- WHAT THE TASK ASKS: Look through the material below. Return exactly the lines from the one with "(* eta is well" through the one with "(* eta is left B-linear *)", both included.

- MATERIAL FOR THIS EXERCISE:
(* If a sees two opposite vertices, look along the perpendicular direction: a vertex
   found there is off their line, and two vertices found on both sides of it cannot be
   the opposite pair, which lies in no open half-plane through a. *)
Lemma third_visible {k1 k2} {l : R} : (k1 < n)%N -> 0 < l ->
  p k2 = along a (vec (p k1) a) l -> exists2 k3, visible n p a k3 & k3 <> k1 /\ k3 <> k2.
Proof.
move=> nk1 l_pos e2; set x := vec a (p k1).
have x0 : x <> (0, 0) by apply: vec_vertex_neq0.
have d0 : ((- x.2, x.1) : point R) <> (0, 0).
  move=> /pair_equal_spec [e1 e1']; apply: x0; apply: point_eq; first exact: e1'.
  by rewrite -[x.2]opprK e1 oppr0.
have on_line k : k = k1 \/ k = k2 -> cross x (vec a (p k)) = 0.
  by case=> ->; rewrite ?e2 /x /cross /=; ring.
have [[k3 vk3 [l3 l3_pos e3]]|[u [w [vu vw side [e pos]]]]] := near_ray d0.
  have off : cross x (vec a (p k3)) != 0.
    rewrite (_ : cross _ _ = l3 * (x.1 ^+ 2 + x.2 ^+ 2)); last by rewrite e3 /cross /=; ring.
    by rewrite mulf_neq0 // lt0r_neq0 // normsq_gt0.
  by exists k3 => //; split=> ek; move/eqP: off; apply; apply: on_line; [left | right].
have uw : u <> w by move=> uw; move: side; rewrite uw; nra.
have [u_new|u_old] := boolP ((u != k1) && (u != k2)).
  by exists u => //; case/andP: u_new => /eqP ? /eqP ?.
have [w_new|w_old] := boolP ((w != k1) && (w != k2)).
  by exists w => //; case/andP: w_new => /eqP ? /eqP ?.
have same : cross e (vec a (p u)) * cross e (vec a (p w)) =
    cross e (vec a (p k1)) * cross e (vec a (p k2)).
  move: u_old w_old; rewrite !negb_and !negbK => /orP[]/eqP eu /orP[]/eqP ew;
    rewrite eu ew in uw *; first [done | by rewrite mulrC].
have opposite : cross e (vec a (p k2)) = - l * cross e (vec a (p k1)).
  by rewrite e2 /cross /=; ring.
by move: pos; rewrite same opposite; have := sqr_ge0 (cross e (vec a (p k1))); nra.
Qed.

Lemma three_visible : exists k1 k2 k3, [/\ visible n p a k1, visible n p a k2,
  visible n p a k3 & [/\ k1 <> k2, k2 <> k3 & k1 <> k3]].
Proof.
have [k1 vk1] := exists_visible; have [nk1 _] := vk1.
have d0 : vec (p k1) a <> (0, 0).
  by case=> e1 e2; apply: (vec_vertex_neq0 nk1); apply: point_eq => /=; lra.
have [[k2 vk2 [l l_pos e2]]|[u [w [vu vw side _]]]] := near_ray d0.
  have k12 : k1 <> k2.
    move=> ek; apply: (vec_vertex_neq0 nk1).
    rewrite -ek in e2; have /= e1 := congr1 fst e2; have /= e1' := congr1 snd e2.
    have l1 : 1 + l != 0 by apply: lt0r_neq0; lra.
    by apply: point_eq => /=; apply: (mulIf l1); rewrite mul0r; lra.
  have [k3 vk3 [k31 k32]] := third_visible nk1 l_pos e2.
  by exists k1, k2, k3; split=> //; split=> //; apply: nesym.
have on_line : cross (vec (p k1) a) (vec a (p k1)) = 0 by rewrite /cross /=; ring.
exists k1, u, w; split=> //; split=> e.
- by move: side; rewrite -e on_line mul0r ltxx.
- by move: side; rewrite e; nra.
- by move: side; rewrite -e on_line mulr0 ltxx.
Qed.

End SeenFromA.

Lemma nonadjacent_of_three {n i j k} : (4 <= n)%N -> (i < n)%N -> (j < n)%N -> (k < n)%N ->
  i <> j -> j <> k -> i <> k ->
  [\/ ~ adjacent_idx n i j, ~ adjacent_idx n j k | ~ adjacent_idx n i k].
Proof.
move=> n4 ni nj nk ij jk ik.
have succ x : (x < n)%N -> (x.+1 %% n = x.+1 /\ x.+1 < n)%N \/ (x.+1 %% n = 0 /\ x.+1 = n)%N.
  move=> xn; have [lt_xn|ge_xn] := ltnP x.+1 n; first by left; rewrite modn_small.
  by right; rewrite (_ : x.+1 = n) ?modnn; lia.
have [aij|] := classic (adjacent_idx n i j); last by constructor 1.
have [ajk|] := classic (adjacent_idx n j k); last by constructor 2.
have [aik|] := classic (adjacent_idx n i k); last by constructor 3.
exfalso; move: aij ajk aik (succ i ni) (succ j nj) (succ k nk); rewrite /adjacent_idx.
by move: (i.+1 %% n)%N (j.+1 %% n)%N (k.+1 %% n)%N; lia.
Qed.

Theorem lemma4p2 (R : realType) (n : nat) (p : nat -> point R) (a : point R) :
  (4 <= n)%N ->
  simple_polygon n p ->
  ~ polygon n p a ->
  (forall w : point R, w <> (0, 0) ->
     exists x, ray a w x /\ polygon n p x) ->
  exists i j : nat,
    (i < n)%N /\ (j < n)%N /\ i <> j /\ ~ adjacent_idx n i j /\
    (forall x, oseg a (p i) x -> ~ polygon n p x) /\
    (forall x, oseg a (p j) x -> ~ polygon n p x).
Proof.
move=> n4 p_simple a_out rays_hit.
have [k1 [k2 [k3 [[n1 v1] [n2 v2] [n3 v3] [d12 d23 d13]]]]] :=
  three_visible p_simple (ltac:(lia)) a_out rays_hit.
have [] := nonadjacent_of_three n4 n1 n2 n3 d12 d23 d13 => h;
  [exists k1, k2 | exists k2, k3 | exists k1, k3]; by do !split.
Qed.
(* Let $A$, $B$, $D$ be finitely generated lattices, and assume $D$ has a finite generating set $P$ for which $D$ satisfies Dean's condition (D). If $g\colon A\to D$ and $h\colon B\to D$ are bounded lattice epimorphisms, then their fiber product $C=\{(a,b)\in A\times B : g(a)=h(b)\}$ is a finitely generated sublattice of $A\times B$.
   Context: A lattice homomorphism $g\colon A\to D$ is lower bounded if for every $d\in D$ the set $\{x\in A : g(x)\ge d\}$ is either empty or has a least element; it is upper bounded if for every $d\in D$ the set $\{x\in A : g(x)\le d\}$ is either empty or has a greatest element; it is bounded if it is both lower and upper bounded. A lattice $D$ with finite generating set $P$ satisfies Dean's condition (D) (for $P$) if for all finite subsets $S,T\subseteq D$ with $\bigwedge S\le\bigvee T$ at least one of the following holds: there is $s\in S$ with $s\le\bigvee T$; there is $t\in T$ with $\bigwedge S\le t$; there is $p\in P$ with $\bigwedge S\le p\le\bigvee T$. (In a finitely generated lattice the empty meet is the top and the empty join is the bottom element.) The fiber product of epimorphisms $g\colon A\to D$, $h\colon B\to D$ is the sublattice $\{(a,b)\in A\times B: g(a)=h(b)\}$ of $A\times B$. *)

From HB Require Import structures.
From Stdlib Require Import List.
From mathcomp Require Import all_boot all_order.
Set Implicit Arguments. Unset Strict Implicit. Unset Printing Implicit Defensive.
Import Order.TTheory.
Local Open Scope order_scope.

Inductive genby (T : Type) (m j : T -> T -> T) (s : seq T) : T -> Prop :=
  | genby_base x : In x s -> genby m j s x
  | genby_meet x y : genby m j s x -> genby m j s y -> genby m j s (m x y)
  | genby_join x y : genby m j s x -> genby m j s y -> genby m j s (j x y).

Definition lattice_generated_by (d : Order.disp_t) (L : latticeType d)
    (P : seq L) : Prop :=
  forall x : L, genby Order.meet Order.join P x.

Definition fg_lattice (d : Order.disp_t) (L : latticeType d) : Prop :=
  exists P : seq L, lattice_generated_by P.

Definition lattice_hom (d1 d2 : Order.disp_t) (A : latticeType d1)
    (D : latticeType d2) (g : A -> D) : Prop :=
  (forall x y, g (x `&` y) = g x `&` g y) /\
  (forall x y, g (x `|` y) = g x `|` g y).

Definition lattice_epi (d1 d2 : Order.disp_t) (A : latticeType d1)
    (D : latticeType d2) (g : A -> D) : Prop :=
  lattice_hom g /\ (forall y : D, exists x : A, g x = y).

Definition lower_bounded (d1 d2 : Order.disp_t) (A : latticeType d1)
    (D : latticeType d2) (g : A -> D) : Prop :=
  forall dd : D,
    (forall x : A, ~ (dd <= g x)) \/
    (exists x0 : A, dd <= g x0 /\ forall x : A, dd <= g x -> x0 <= x).

Definition upper_bounded (d1 d2 : Order.disp_t) (A : latticeType d1)
    (D : latticeType d2) (g : A -> D) : Prop :=
  forall dd : D,
    (forall x : A, ~ (g x <= dd)) \/
    (exists x0 : A, g x0 <= dd /\ forall x : A, g x <= dd -> x <= x0).
(* Define transition probabilities $P(n\searrow m)$ on $\mathbb{N}_{\ge1}=\{2,3,4,\dots\}$ as follows. If $n$ is composite and not a prime power, set $P(n\searrow n/q)=\frac{\Lambda(q)}{\log n}$ for every divisor $q>1$ of $n$, and $P(n\searrow m)=0$ for all other $m$. If $n=p$ is prime, set $P(p\searrow p)=1$ and $P(p\searrow m)=0$ for $m\ne p$. If $n=p^k$ with $p$ prime and $k\ge2$, set $P(n\searrow n/p^j)=\frac1k$ for $j=1,\dots,k-2$, $P(n\searrow p)=\frac2k$, and $P(n\searrow m)=0$ for all other $m$. Let $\nu_0(n)=\frac{1}{n\log n}$. Then for every $m\in\mathbb{N}_{\ge1}$, $$\sum_{q>1}\nu_0(mq)\,P(mq\searrow m)\le\nu_0(m).$$
   Context: $\Lambda$ is the von Mangoldt function: $\Lambda(q)=\log p$ if $q=p^j$ for a prime $p$ and $j\ge1$, and $\Lambda(q)=0$ otherwise. The sum is over integers $q\ge2$. *)

From HB Require Import structures.
From mathcomp Require Import all_boot all_order all_algebra.
From mathcomp Require Import all_classical all_reals all_analysis.
Set Implicit Arguments. Unset Strict Implicit. Unset Printing Implicit Defensive.
Import Order.TTheory GRing.Theory Num.Theory.
Local Open Scope ring_scope.

(* von Mangoldt: Lambda q = log p if q = p^j (p prime, j >= 1), else 0.
   Written as a sum over all pairs (p, j) with p <= q, 1 <= j <= q, q = p^j;
   at most one such pair exists, so this is literally the definition. *)
Definition vonMangoldt (R : realType) (q : nat) : R :=
  \sum_(p < q.+1 | prime p) \sum_(1 <= j < q.+1 | q == (p ^ j)%N) ln (p%:R : R).

Definition is_ppow2 (n : nat) : bool :=
  [exists p : 'I_n.+1, [exists k : 'I_n.+1, prime p && (1 < k)%N && (n == p ^ k)%N]].

Definition trans (R : realType) (n m : nat) : R :=
  if prime n then (m == n)%:R
  else if is_ppow2 n then
    let p := pdiv n in let k := logn p n in
    if m == p then 2 / k%:R
    else if has (fun j => m == n %/ p ^ j)%N (iota 1 (k - 2)) then 1 / k%:R
    else 0
  else
    \sum_(2 <= q < n.+1 | (q %| n)%N && (m == n %/ q)%N) vonMangoldt R q / ln (n%:R : R).

Definition nu0 (R : realType) (n : nat) : R := 1 / (n%:R * ln (n%:R : R)).
Theorem lemma5p4 (G : ggroup) (A B : gring G) (P : gbimod A B) (Q : gbimod B A)
    (mu : P -> Q -> A) (nu : Q -> P -> B) (U : glmod A) :
  morita_context mu nu -> trace_surj mu -> trace_surj nu ->
  lunital (@lact _ _ U) ->
  (* eta is well defined on the tensor product *)
  (forall s, in_T P s -> tensor_zero P U s -> forall p, eta P U s p = 0) /\
  [/\
      (* eta takes values in B . HOM_A(P,U) *)
      (forall s, in_T P s -> inBHOM_PU P U (eta P U s)),
      (* eta is left B-linear *)
      (forall b s, in_T P s -> forall p, eta P U (Tact P b s) p = eta P U s (br p b)),
      (* eta is graded of degree e *)
      (forall g s, in_T P s -> T_homog P U g s ->
         graded_of (@bdeg _ _ _ P) (@ldeg _ _ U) g (eta P U s)),
      (* eta is surjective onto B . HOM_A(P,U) *)
      (forall h, inBHOM_PU P U h -> exists s, in_T P s /\ forall p, eta P U s p = h p) &
      (* the kernel of eta is torsion: B z = 0 for z \in ker eta *)
      (forall s, in_T P s -> (forall p, eta P U s p = 0) ->
         forall b, tensor_zero P U (Tact P b s))].
Proof.
move=> [[_ _ _ [Q_lunital _]] [[muDl muDr muB muAl muAr] [mu_deg [_ [_ [mu_nu _]]]]]].
move=> _ nu_surj _.
split=> [s _ s0 p|]; first exact: eta_tensor_zero.
split=> [s | b s _ p | g s _ | |]; first exact: eta_in_BHOM.
- exact: eta_Tact.
- exact: eta_graded.
- exact: (eta_surj Q_lunital muDl muDr muB muAl mu_deg mu_nu nu_surj).
- exact: (eta_ker_torsion Q_lunital muDl muDr muB muAl muAr mu_deg mu_nu nu_surj).
Qed.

- THE ANSWER:
  (* eta is well defined on the tensor product *)
  (forall s, in_T P s -> tensor_zero P U s -> forall p, eta P U s p = 0) /\
  [/\
      (* eta takes values in B . HOM_A(P,U) *)
      (forall s, in_T P s -> inBHOM_PU P U (eta P U s)),
      (* eta is left B-linear *)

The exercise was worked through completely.